Your instructions = Copy out all the lines in the records that include the word "represented".

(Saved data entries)
(* Let $(\Omega,\mathcal A)$ be a Borel space, $(\Omega,X_\bullet)$ a Borel field of proper unbounded CAT(0) spaces, $x_\bullet\in\mathcal L(\Omega,X_\bullet)$ and $\xi_\bullet\in\mathcal L(\Omega,\partial X_\bullet)$. For $t\ge0$ let $c_{x_\bullet,\xi_\bullet}(t)$ be the section $\omega\mapsto c_{x_\omega,\xi_\omega}(t)$, where $c_{x_\omega,\xi_\omega}:[0,\infty)\to X_\omega$ is the unique geodesic ray with $c(0)=x_\omega$ and $c(\infty)=\xi_\omega$. Then $c_{x_\bullet,\xi_\bullet}(t)\in\mathcal L(\Omega,X_\bullet)$ for every $t\ge0$.
   Context: Borel field of metric spaces: $(X_\omega,d_\omega)_{\omega\in\Omega}$ metric spaces; a section is $x_\bullet=(x_\omega)$, $x_\omega\in X_\omega$. A Borel structure is a set $\mathcal L(\Omega,X_\bullet)$ of sections such that (a) $\omega\mapsto d_\omega(x_\omega,y_\omega)$ is Borel for all $x_\bullet,y_\bullet\in\mathcal L$; (b) any section $y_\bullet$ with $\omega\mapsto d_\omega(x_\omega,y_\omega)$ Borel for all $x_\bullet\in\mathcal L$ lies in $\mathcal L$; (c) there is a countable $\mathcal D=\{x^n_\bullet\}\subseteq\mathcal L$ with $\{x^n_\omega\}_n$ dense in $X_\omega$ for all $\omega$; elements of $\mathcal L$ are Borel sections. Boundary field: fix $x^0_\bullet\in\mathcal L(\Omega,X_\bullet)$; for $\xi\in\partial X_\omega$ (visual boundary, cone topology), $b_{x^0_\omega,\xi}(x)=\lim_{t\to\infty}(d_\omega(x,c(t))-d_\omega(x^0_\omega,c(t)))$ with $c$ the ray from $x^0_\omega$ to $\xi$. A section $\xi_\bullet$ of $\partial X_\bullet$ is Borel, $\xi_\bullet\in\mathcal L(\Omega,\partial X_\bullet)$, iff $\omega\mapsto b_{x^0_\omega,\xi_\omega}(x_\omega)$ is Borel for every $x_\bullet\in\mathcal L(\Omega,X_\bullet)$ (this does not depend on $x^0_\bullet$). *)

From Stdlib Require Import Reals List.
Open Scope R_scope.

Record SigmaAlgebra (Om : Type) := {
  meas : (Om -> Prop) -> Prop;
  meas_full : meas (fun _ => True);
  meas_compl : forall A, meas A -> meas (fun w => ~ A w);
  meas_cunion : forall A : nat -> Om -> Prop,
      (forall n, meas (A n)) -> meas (fun w => exists n, A n w)
}.
Arguments meas {Om} s _.

Definition BorelFun {Om : Type} (S : SigmaAlgebra Om) (f : Om -> R) : Prop :=
  forall a : R, meas S (fun w => f w < a).

Definition IsMetric {X : Type} (d : X -> X -> R) : Prop :=
  (forall x y, d x y = 0 <-> x = y) /\
  (forall x y, d x y = d y x) /\
  (forall x y z, d x z <= d x y + d y z).

Definition IsOpen {X : Type} (d : X -> X -> R) (U : X -> Prop) : Prop :=
  forall x, U x -> exists r, 0 < r /\ forall y, d x y < r -> U y.

Definition IsCompact {X : Type} (d : X -> X -> R) (K : X -> Prop) : Prop :=
  forall (I : Type) (U : I -> X -> Prop),
    (forall i, IsOpen d (U i)) ->
    (forall x, K x -> exists i, U i x) ->
    exists l : list I, forall x, K x -> exists i, In i l /\ U i x.

Definition Proper {X : Type} (d : X -> X -> R) : Prop :=
  forall (x : X) (r : R), IsCompact d (fun y => d x y <= r).

Definition Unbounded {X : Type} (d : X -> X -> R) : Prop :=
  forall M : R, exists x y : X, M < d x y.

Definition GeodSeg {X : Type} (d : X -> X -> R) (c : R -> X) (x y : X) : Prop :=
  c 0 = x /\ c (d x y) = y /\
  forall s t, 0 <= s <= d x y -> 0 <= t <= d x y -> d (c s) (c t) = Rabs (s - t).

Definition GeodesicSpace {X : Type} (d : X -> X -> R) : Prop :=
  forall x y, exists c, GeodSeg d c x y.

Definition eucl (p q : R * R) : R :=
  sqrt ((fst p - fst q) ^ 2 + (snd p - snd q) ^ 2).

Definition comb (p q : R * R) (lam : R) : R * R :=
  (fst p + lam * (fst q - fst p), snd p + lam * (snd q - snd p)).

(* CAT(0) inequality for geodesic triangles (Bridson-Haefliger), for points
   on the two sides issuing from the vertex x (other pairs of sides are
   covered by relabelling the triangle; pairs on one side are trivial). *)
Definition CAT0 {X : Type} (d : X -> X -> R) : Prop :=
  GeodesicSpace d /\
  forall (x y z : X) (c1 c2 c3 : R -> X) (xb yb zb : R * R),
    GeodSeg d c1 x y -> GeodSeg d c2 x z -> GeodSeg d c3 y z ->
    eucl xb yb = d x y -> eucl xb zb = d x z -> eucl yb zb = d y z ->
    forall s t, 0 <= s <= d x y -> 0 <= t <= d x z ->
      d (c1 s) (c2 t) <= eucl (comb xb yb (s / d x y)) (comb xb zb (t / d x z)).

Definition IsRay {X : Type} (d : X -> X -> R) (c : R -> X) : Prop :=
  forall s t, 0 <= s -> 0 <= t -> d (c s) (c t) = Rabs (s - t).

(* asymptotic rays = same point of the visual boundary *)
Definition Asymp {X : Type} (d : X -> X -> R) (c c' : R -> X) : Prop :=
  exists K, forall t, 0 <= t -> d (c t) (c' t) <= K.

(* c is a geodesic ray from x to the boundary point represented by the ray xi *)
Definition RayTo {X : Type} (d : X -> X -> R) (c : R -> X) (x : X) (xi : R -> X) : Prop :=
  IsRay d c /\ c 0 = x /\ Asymp d c xi.

Definition LimInfty (f : R -> R) (l : R) : Prop :=
  forall eps, 0 < eps -> exists T, forall t, T <= t -> Rabs (f t - l) < eps.

Definition BusemannVal {X : Type} (d : X -> X -> R) (x0 : X) (xi : R -> X) (x : X) (b : R) : Prop :=
  exists c, RayTo d c x0 xi /\ LimInfty (fun t => d x (c t) - d x0 (c t)) b.

Definition BorelStructure {Om : Type} (S : SigmaAlgebra Om) (X : Om -> Type)
    (d : forall w, X w -> X w -> R) (L : (forall w, X w) -> Prop) : Prop :=
  (forall x y, L x -> L y -> BorelFun S (fun w => d w (x w) (y w))) /\
  (forall y, (forall x, L x -> BorelFun S (fun w => d w (x w) (y w))) -> L y) /\
  (exists D : nat -> forall w, X w,
      (forall n, L (D n)) /\
      forall w (z : X w) eps, 0 < eps -> exists n, d w z (D n w) < eps).

(* xi (a section of boundary points, each represented by a ray) is a Borel
   section w.r.t. the base section x0 *)
Definition BorelBoundarySection {Om : Type} (S : SigmaAlgebra Om) (X : Om -> Type)
    (d : forall w, X w -> X w -> R) (L : (forall w, X w) -> Prop)
    (x0 : forall w, X w) (xi : forall w, R -> X w) : Prop :=
  forall x, L x -> exists g : Om -> R, BorelFun S g /\
    forall w, BusemannVal (d w) (x0 w) (xi w) (x w) (g w).

From Stdlib Require Import Reals Lra Psatz ZArith Classical FunctionalExtensionality PropExtensionality IndefiniteDescription.
Open Scope R_scope.

(* Fix w and let c be the ray from x to xi, s = c t, and b = b_{x0,xi} the
   Busemann function.  Since b is 1-Lipschitz and decreases with unit speed
   along c, b(z) - b(x) <= -t + d(z,s) for every z; conversely, by the CAT(0)
   comparison inequality, a point z with d(x,z) < t + del and
   b(z) - b(x) < -t + del lies within sqrt(4 t del + del^2) of s.  Hence the
   sets  A_{k,n} = { d(x,D_n) < t + del_k  and  b(D_n) - b(x) < -t + del_k },
   for D a dense sequence of Borel sections and del_k suitably small, are
   measurable, force D_n to be 1/(k+1)-close to s, and cover every fiber.
   A general criterion (a section "located" by such sets is Borel) finishes. *)

Section Metric.
Context {X : Type} (d : X -> X -> R) (Hm : IsMetric d).

Lemma met_refl x : d x x = 0.
Proof. apply (proj1 Hm); reflexivity. Qed.

Lemma met_sym x y : d x y = d y x.
Proof. exact (proj1 (proj2 Hm) x y). Qed.

Lemma met_tri x y z : d x z <= d x y + d y z.
Proof. exact (proj2 (proj2 Hm) x y z). Qed.

Lemma met_pos x y : 0 <= d x y.
Proof. pose proof (met_tri x y x); rewrite met_refl, (met_sym y x) in H; lra. Qed.

End Metric.

Lemma geodseg_point_dist {X} (d : X -> X -> R) g x p t :
  GeodSeg d g x p -> 0 <= t <= d x p -> d x (g t) = t /\ d (g t) p = d x p - t.
Proof.
  intros [G0 [G1 G2]] Ht; split.
  - rewrite <- G0, G2 by lra; rewrite Rabs_left1; lra.
  - rewrite <- G1 at 1; rewrite G2 by lra; rewrite Rabs_left1; lra.
Qed.

Lemma ray_segment {X} (d : X -> X -> R) c x T :
  IsRay d c -> c 0 = x -> 0 <= T -> d x (c T) = T /\ GeodSeg d c x (c T).
Proof.
  intros Hr H0 HT.
  assert (E : d x (c T) = T) by (subst x; rewrite Hr, Rabs_left1; lra).
  split; [exact E|]; unfold GeodSeg; rewrite E.
  split; [exact H0|]; split; [reflexivity|]; intros; apply Hr; lra.
Qed.

Lemma comparison_triangle a b e : 0 < a -> 0 <= b -> 0 <= e ->
  a <= b + e -> b <= a + e -> e <= a + b ->
  exists u v, eucl (0,0) (a,0) = a /\ eucl (0,0) (u,v) = b /\
    eucl (a,0) (u,v) = e /\ 2 * a * u = a^2 + b^2 - e^2 /\ v^2 = b^2 - u^2.
Proof.
  intros Ha Hb He T1 T2 T3.
  set (u := (a^2 + b^2 - e^2) / (2*a)).
  assert (Hu : 2 * a * u = a^2 + b^2 - e^2) by (unfold u; field; lra).
  assert (Hub : - b <= u <= b) by (split; nra).
  assert (Hv0 : 0 <= b^2 - u^2) by nra.
  pose proof (pow2_sqrt _ Hv0) as Hv; set (v := sqrt (b^2 - u^2)) in Hv.
  exists u, v; unfold eucl; cbn [fst snd]; repeat split; auto.
  - replace ((0-a)^2 + (0-0)^2) with (a^2) by ring; apply sqrt_pow2; lra.
  - replace ((0-u)^2 + (0-v)^2) with (b^2) by nra; apply sqrt_pow2; lra.
  - replace ((a-u)^2 + (0-v)^2) with (e^2) by nra; apply sqrt_pow2; lra.
Qed.

(* Squared distance between the points at parameters s, t on the two sides
   from (0,0) of that comparison triangle (Euclidean law of cosines). *)
Lemma comparison_distance a b s t u v : a <> 0 -> b <> 0 -> v^2 = b^2 - u^2 ->
  (0 + s/a*(a-0) - (0 + t/b*(u-0)))^2 + (0 + s/a*(0-0) - (0 + t/b*(v-0)))^2
  = s^2 + t^2 - 2*s*t*u/b.
Proof.
  intros Ha Hb Hv.
  replace ((0 + s/a*(0-0) - (0 + t/b*(v-0)))^2) with ((t/b)^2 * v^2) by (field; auto).
  rewrite Hv; field; auto.
Qed.

Section CAT0Geometry.
Context {X : Type} (d : X -> X -> R) (Hm : IsMetric d) (Hc : CAT0 d).

(* The CAT(0) inequality in law-of-cosines form (denominators cleared). *)
Lemma cat0_cosine x y z c1 c2 :
  GeodSeg d c1 x y -> GeodSeg d c2 x z -> 0 < d x y -> 0 < d x z ->
  forall s t, 0 <= s <= d x y -> 0 <= t <= d x z ->
  d x y * d x z * (d (c1 s) (c2 t))^2 <=
  d x y * d x z * (s^2 + t^2) - s * t * (d x y ^2 + d x z ^2 - d y z ^2).
Proof.
  intros G1 G2 Ha Hb s t Hs Ht.
  destruct Hc as [Hgeo Hcat]; destruct (Hgeo y z) as [c3 G3].
  pose proof (met_tri d Hm x z y); pose proof (met_tri d Hm x y z);
    pose proof (met_tri d Hm y x z).
  rewrite (met_sym d Hm z y) in *; rewrite (met_sym d Hm y x) in *.
  destruct (comparison_triangle (d x y) (d x z) (d y z)) as [u [v [E1 [E2 [E3 [Hu Hv]]]]]];
    try lra; try apply (met_pos d Hm).
  specialize (Hcat x y z c1 c2 c3 (0,0) (d x y, 0) (u,v) G1 G2 G3 E1 E2 E3 s t Hs Ht).
  unfold eucl, comb in Hcat; cbn [fst snd] in Hcat.
  rewrite comparison_distance in Hcat by (auto; lra).
  pose proof (met_pos d Hm (c1 s) (c2 t)).
  assert (Hsq : d (c1 s) (c2 t) ^2 <= s^2 + t^2 - 2*s*t*u/d x z).
  { apply Rle_trans with (sqrt (s^2 + t^2 - 2*s*t*u/d x z) ^ 2); [apply pow_incr; lra|].
    rewrite pow2_sqrt; [lra|]. rewrite <- comparison_distance with (a := d x y) (v := v) by (auto; lra).
    apply Rplus_le_le_0_compat; apply pow2_ge_0. }
  apply Rmult_le_compat_l with (r := d x y * d x z) in Hsq; [|nra].
  replace (d x y * d x z * (s^2 + t^2 - 2*s*t*u/d x z))
    with (d x y * d x z * (s^2 + t^2) - s*t*(2*d x y*u)) in Hsq by (field; lra).
  rewrite Hu in Hsq; exact Hsq.
Qed.

Lemma cat0_same_time x y z c1 c2 :
  GeodSeg d c1 x y -> GeodSeg d c2 x z -> 0 < d x y -> 0 < d x z ->
  forall t, 0 <= t -> t <= d x y -> t <= d x z ->
  d x y * d x z * (d (c1 t) (c2 t))^2 <= t^2 * d y z ^2.
Proof.
  intros G1 G2 Ha Hb t H0 H1 H2.
  pose proof (cat0_cosine x y z c1 c2 G1 G2 Ha Hb t t (conj H0 H1) (conj H0 H2)).
  assert (0 <= t^2 * (d x y - d x z)^2) by (apply Rmult_le_pos; apply pow2_ge_0).
  lra.
Qed.

Lemma cat0_pinch x p z g : GeodSeg d g x p -> 0 < d x p ->
  forall t del, 0 <= t -> 0 <= del -> t <= d x p ->
  d x z <= t + del -> d z p <= d x p - t + del ->
  d (g t) z ^2 <= 4*t*del + del^2.
Proof.
  intros G HD t del Ht Hdel HtD Hb HE.
  pose proof (met_pos d Hm x z) as Hb0.
  destruct (Req_dec (d x z) 0) as [Z|Z].
  - assert (x = z) by (apply Hm; auto); subst z.
    rewrite (met_sym d Hm), (proj1 (geodseg_point_dist d g x p t G ltac:(lra))).
    nra.
  - destruct (proj1 Hc x z) as [c2 G2].
    pose proof (cat0_cosine x p z g c2 G G2 HD ltac:(lra) t (d x z)
                  (conj Ht HtD) (conj Hb0 (Rle_refl _))) as H.
    rewrite (proj1 (proj2 G2)), (met_sym d Hm p z) in H.
    pose proof (met_pos d Hm z p).
    assert (H' : d x p * d (g t) z ^2 <=
                 d x p * (t^2 + d x z ^2) - t * (d x p ^2 + d x z ^2 - d z p ^2))
      by (apply Rmult_le_reg_l with (d x z); nra).
    assert (d z p ^2 <= (d x p - t + del)^2) by nra.
    assert (d x z ^2 <= (t + del)^2) by nra.
    apply Rmult_le_reg_l with (d x p); nra.
Qed.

Output for this exercise =
(* c is a geodesic ray from x to the boundary point represented by the ray xi *)
(* xi (a section of boundary points, each represented by a ray) is a Borel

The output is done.